● ACTIVITY
Take the entries below and print only the lines from the one with "Choosing q/p so" through the one with "Definition supported2 (g", exactly as they stand, both ends included.

● SOURCE MATERIAL

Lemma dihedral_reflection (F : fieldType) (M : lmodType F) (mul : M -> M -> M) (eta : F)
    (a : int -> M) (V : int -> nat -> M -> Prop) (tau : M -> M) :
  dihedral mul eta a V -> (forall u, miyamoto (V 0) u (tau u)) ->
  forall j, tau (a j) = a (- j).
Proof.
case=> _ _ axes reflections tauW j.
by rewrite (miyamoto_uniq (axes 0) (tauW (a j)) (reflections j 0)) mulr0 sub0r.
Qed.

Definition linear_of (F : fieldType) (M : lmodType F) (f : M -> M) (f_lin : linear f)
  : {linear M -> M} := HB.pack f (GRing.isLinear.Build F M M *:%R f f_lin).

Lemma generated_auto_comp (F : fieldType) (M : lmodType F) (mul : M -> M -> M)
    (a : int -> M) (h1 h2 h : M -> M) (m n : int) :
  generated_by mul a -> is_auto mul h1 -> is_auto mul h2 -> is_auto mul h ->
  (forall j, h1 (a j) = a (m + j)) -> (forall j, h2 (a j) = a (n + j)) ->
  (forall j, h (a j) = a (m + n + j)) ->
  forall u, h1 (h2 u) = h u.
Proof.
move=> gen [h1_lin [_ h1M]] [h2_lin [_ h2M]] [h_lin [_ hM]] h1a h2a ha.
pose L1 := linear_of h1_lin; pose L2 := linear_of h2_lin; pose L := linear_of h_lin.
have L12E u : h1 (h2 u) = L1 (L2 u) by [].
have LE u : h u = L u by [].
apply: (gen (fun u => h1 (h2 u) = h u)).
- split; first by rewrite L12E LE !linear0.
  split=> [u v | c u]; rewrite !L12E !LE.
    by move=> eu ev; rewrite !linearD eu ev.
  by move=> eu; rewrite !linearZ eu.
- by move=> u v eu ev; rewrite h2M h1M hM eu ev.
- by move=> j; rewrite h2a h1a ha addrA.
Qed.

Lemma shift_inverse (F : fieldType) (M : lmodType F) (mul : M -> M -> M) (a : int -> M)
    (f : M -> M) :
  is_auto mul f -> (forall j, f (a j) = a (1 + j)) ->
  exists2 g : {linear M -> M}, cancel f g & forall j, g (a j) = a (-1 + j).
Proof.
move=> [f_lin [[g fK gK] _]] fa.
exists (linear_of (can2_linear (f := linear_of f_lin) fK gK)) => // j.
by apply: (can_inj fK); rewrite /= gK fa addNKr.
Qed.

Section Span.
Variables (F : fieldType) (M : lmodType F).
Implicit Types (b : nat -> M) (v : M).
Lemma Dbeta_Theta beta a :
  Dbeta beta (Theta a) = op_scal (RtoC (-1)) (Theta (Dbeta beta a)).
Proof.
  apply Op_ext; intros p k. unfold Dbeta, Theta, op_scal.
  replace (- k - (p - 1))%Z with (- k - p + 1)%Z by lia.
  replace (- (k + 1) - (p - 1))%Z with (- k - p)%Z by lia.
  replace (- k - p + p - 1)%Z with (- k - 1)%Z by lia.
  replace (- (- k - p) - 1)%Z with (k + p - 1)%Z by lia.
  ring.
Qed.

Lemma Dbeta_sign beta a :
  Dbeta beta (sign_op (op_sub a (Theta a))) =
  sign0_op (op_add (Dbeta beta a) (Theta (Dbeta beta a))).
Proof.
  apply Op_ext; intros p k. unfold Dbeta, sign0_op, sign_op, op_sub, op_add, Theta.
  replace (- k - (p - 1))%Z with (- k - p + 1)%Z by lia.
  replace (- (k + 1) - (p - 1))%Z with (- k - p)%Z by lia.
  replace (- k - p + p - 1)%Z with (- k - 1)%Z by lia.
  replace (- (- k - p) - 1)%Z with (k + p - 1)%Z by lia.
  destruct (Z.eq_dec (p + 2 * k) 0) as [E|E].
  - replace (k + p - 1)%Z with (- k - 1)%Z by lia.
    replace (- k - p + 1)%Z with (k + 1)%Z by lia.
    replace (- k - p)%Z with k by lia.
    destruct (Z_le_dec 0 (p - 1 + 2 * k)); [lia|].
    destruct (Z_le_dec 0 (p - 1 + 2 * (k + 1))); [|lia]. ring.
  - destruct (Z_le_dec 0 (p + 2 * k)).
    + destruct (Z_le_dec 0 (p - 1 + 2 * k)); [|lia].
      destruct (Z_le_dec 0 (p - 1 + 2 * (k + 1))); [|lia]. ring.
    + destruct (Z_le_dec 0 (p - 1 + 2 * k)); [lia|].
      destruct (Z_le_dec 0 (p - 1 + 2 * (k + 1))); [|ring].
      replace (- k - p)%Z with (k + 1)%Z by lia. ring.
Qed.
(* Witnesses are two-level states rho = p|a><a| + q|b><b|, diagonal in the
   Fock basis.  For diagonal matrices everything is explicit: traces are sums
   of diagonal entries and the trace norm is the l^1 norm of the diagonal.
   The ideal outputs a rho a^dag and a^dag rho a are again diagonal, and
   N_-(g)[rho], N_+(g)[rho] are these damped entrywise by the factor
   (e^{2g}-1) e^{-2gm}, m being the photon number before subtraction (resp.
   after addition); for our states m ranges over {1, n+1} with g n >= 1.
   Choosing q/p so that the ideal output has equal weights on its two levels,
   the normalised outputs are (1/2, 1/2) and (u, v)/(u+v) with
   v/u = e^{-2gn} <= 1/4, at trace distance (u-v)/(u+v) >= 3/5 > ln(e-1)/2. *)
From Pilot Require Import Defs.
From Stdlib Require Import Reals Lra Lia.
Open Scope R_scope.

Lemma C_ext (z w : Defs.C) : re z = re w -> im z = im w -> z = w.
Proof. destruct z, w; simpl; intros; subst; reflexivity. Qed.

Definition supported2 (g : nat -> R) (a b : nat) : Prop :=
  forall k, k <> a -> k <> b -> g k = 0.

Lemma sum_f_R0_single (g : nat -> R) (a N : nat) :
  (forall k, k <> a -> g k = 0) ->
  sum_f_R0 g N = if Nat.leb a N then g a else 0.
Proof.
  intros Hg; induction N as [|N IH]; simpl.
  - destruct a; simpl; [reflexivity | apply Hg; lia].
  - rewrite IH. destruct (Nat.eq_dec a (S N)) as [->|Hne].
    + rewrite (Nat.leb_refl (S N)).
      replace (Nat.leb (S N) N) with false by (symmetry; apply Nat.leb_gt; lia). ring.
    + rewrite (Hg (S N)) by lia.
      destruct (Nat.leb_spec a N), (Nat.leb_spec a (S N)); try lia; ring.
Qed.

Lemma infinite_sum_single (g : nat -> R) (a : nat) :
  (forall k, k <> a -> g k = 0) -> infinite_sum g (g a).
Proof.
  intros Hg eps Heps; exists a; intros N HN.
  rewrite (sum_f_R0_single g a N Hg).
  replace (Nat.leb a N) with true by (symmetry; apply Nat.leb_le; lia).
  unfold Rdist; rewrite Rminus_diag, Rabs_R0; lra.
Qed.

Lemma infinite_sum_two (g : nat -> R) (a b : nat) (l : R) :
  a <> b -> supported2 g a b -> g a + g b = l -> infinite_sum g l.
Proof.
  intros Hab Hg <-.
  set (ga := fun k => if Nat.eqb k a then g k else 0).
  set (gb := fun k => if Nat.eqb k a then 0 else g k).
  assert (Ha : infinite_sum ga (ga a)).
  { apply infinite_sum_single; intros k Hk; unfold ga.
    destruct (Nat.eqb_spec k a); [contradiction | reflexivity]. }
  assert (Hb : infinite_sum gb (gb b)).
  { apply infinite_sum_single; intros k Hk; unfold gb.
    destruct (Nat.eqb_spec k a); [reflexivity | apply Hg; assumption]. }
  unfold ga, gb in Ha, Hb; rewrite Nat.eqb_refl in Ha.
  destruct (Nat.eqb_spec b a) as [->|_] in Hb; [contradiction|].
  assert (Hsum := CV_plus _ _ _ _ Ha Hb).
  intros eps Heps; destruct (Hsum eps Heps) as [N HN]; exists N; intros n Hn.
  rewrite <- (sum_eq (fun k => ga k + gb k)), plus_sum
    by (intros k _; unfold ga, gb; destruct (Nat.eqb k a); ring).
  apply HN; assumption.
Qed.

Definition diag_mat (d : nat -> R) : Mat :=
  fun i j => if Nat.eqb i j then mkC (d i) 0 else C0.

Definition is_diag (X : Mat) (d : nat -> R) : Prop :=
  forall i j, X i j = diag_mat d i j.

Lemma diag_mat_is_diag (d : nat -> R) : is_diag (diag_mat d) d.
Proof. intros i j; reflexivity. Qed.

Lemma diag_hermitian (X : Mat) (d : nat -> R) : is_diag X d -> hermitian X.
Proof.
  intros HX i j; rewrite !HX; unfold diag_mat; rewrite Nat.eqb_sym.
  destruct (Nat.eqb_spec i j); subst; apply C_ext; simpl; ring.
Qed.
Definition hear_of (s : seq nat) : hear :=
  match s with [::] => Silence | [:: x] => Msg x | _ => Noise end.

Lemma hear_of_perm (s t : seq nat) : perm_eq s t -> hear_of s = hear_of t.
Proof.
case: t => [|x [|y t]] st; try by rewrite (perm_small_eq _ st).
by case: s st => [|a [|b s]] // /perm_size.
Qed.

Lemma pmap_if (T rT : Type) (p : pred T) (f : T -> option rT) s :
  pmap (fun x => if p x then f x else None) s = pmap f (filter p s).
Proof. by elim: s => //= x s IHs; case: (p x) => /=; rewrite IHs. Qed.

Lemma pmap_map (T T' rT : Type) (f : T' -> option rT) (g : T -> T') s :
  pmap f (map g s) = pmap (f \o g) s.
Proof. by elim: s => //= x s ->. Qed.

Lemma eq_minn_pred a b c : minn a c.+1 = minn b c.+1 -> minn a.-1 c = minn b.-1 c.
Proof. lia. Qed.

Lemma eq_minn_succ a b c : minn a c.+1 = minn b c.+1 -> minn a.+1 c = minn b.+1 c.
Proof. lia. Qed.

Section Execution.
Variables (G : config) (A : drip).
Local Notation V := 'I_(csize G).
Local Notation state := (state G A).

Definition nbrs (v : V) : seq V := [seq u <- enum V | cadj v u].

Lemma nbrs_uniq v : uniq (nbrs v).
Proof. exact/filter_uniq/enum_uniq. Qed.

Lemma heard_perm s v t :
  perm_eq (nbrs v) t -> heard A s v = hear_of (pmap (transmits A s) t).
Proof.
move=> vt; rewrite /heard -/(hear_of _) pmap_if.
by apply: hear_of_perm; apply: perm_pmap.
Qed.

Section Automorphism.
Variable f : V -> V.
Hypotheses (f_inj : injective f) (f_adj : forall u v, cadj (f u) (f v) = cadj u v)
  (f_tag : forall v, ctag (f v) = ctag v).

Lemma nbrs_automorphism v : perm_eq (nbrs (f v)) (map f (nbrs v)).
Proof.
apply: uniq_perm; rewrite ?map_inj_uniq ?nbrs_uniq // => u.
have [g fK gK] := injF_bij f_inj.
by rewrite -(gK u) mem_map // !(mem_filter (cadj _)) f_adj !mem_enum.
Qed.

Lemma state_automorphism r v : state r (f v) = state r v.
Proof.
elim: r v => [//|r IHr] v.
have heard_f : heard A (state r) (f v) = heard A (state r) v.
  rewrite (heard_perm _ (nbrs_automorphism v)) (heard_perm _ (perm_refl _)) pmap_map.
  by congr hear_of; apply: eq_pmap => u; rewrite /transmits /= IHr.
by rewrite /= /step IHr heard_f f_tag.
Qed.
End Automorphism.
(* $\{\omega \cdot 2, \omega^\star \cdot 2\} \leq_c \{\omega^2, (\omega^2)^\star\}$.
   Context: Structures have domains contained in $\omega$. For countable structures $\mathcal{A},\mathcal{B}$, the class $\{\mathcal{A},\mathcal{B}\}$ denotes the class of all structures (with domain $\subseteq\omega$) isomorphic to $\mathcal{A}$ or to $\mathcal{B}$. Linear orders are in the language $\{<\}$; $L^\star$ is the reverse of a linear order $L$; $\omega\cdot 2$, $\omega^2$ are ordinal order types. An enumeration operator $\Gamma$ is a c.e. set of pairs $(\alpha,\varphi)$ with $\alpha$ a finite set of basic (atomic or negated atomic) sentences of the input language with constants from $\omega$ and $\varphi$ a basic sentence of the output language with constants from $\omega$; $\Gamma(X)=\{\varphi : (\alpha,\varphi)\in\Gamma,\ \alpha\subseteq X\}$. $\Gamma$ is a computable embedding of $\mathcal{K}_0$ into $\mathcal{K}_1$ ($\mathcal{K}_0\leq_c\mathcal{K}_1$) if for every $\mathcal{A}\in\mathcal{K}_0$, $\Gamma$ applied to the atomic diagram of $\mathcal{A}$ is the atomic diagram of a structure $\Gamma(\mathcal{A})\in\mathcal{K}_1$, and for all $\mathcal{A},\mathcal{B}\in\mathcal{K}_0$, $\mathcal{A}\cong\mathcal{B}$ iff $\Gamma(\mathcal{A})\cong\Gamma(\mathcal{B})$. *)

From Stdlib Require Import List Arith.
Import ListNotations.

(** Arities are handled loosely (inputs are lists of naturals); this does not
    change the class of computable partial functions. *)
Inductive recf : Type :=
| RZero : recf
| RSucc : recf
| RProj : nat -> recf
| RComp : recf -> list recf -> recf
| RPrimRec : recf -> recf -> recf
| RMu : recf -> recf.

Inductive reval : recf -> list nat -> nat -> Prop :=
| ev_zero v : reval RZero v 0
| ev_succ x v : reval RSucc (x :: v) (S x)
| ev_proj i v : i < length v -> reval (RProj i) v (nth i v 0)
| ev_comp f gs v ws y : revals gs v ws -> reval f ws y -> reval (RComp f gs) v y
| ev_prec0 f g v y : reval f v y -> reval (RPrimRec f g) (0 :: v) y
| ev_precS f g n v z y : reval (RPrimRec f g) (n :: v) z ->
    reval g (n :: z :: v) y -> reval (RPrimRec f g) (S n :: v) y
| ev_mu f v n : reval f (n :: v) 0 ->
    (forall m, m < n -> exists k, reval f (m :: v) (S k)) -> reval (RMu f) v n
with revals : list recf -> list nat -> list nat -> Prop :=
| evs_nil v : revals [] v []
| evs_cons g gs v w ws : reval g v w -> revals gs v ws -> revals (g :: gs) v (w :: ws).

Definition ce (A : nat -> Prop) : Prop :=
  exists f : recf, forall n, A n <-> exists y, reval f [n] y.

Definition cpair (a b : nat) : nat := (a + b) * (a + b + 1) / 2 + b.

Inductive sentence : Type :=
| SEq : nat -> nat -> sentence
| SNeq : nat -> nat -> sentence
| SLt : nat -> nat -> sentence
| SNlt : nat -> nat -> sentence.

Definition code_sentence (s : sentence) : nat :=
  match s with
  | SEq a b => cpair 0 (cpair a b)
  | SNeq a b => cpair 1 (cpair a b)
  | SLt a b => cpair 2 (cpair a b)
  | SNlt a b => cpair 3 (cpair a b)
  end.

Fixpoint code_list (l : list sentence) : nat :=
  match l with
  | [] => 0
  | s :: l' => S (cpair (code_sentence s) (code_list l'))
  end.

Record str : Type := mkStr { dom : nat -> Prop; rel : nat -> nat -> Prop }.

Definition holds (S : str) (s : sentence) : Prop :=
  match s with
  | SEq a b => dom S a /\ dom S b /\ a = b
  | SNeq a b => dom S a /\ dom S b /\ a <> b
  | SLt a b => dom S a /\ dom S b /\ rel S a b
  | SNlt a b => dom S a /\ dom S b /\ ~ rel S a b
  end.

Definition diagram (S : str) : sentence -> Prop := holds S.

● YOUR SOLUTION
   Choosing q/p so that the ideal output has equal weights on its two levels,
   the normalised outputs are (1/2, 1/2) and (u, v)/(u+v) with
   v/u = e^{-2gn} <= 1/4, at trace distance (u-v)/(u+v) >= 3/5 > ln(e-1)/2. *)
From Pilot Require Import Defs.
From Stdlib Require Import Reals Lra Lia.
Open Scope R_scope.

Lemma C_ext (z w : Defs.C) : re z = re w -> im z = im w -> z = w.
Proof. destruct z, w; simpl; intros; subst; reflexivity. Qed.

Definition supported2 (g : nat -> R) (a b : nat) : Prop :=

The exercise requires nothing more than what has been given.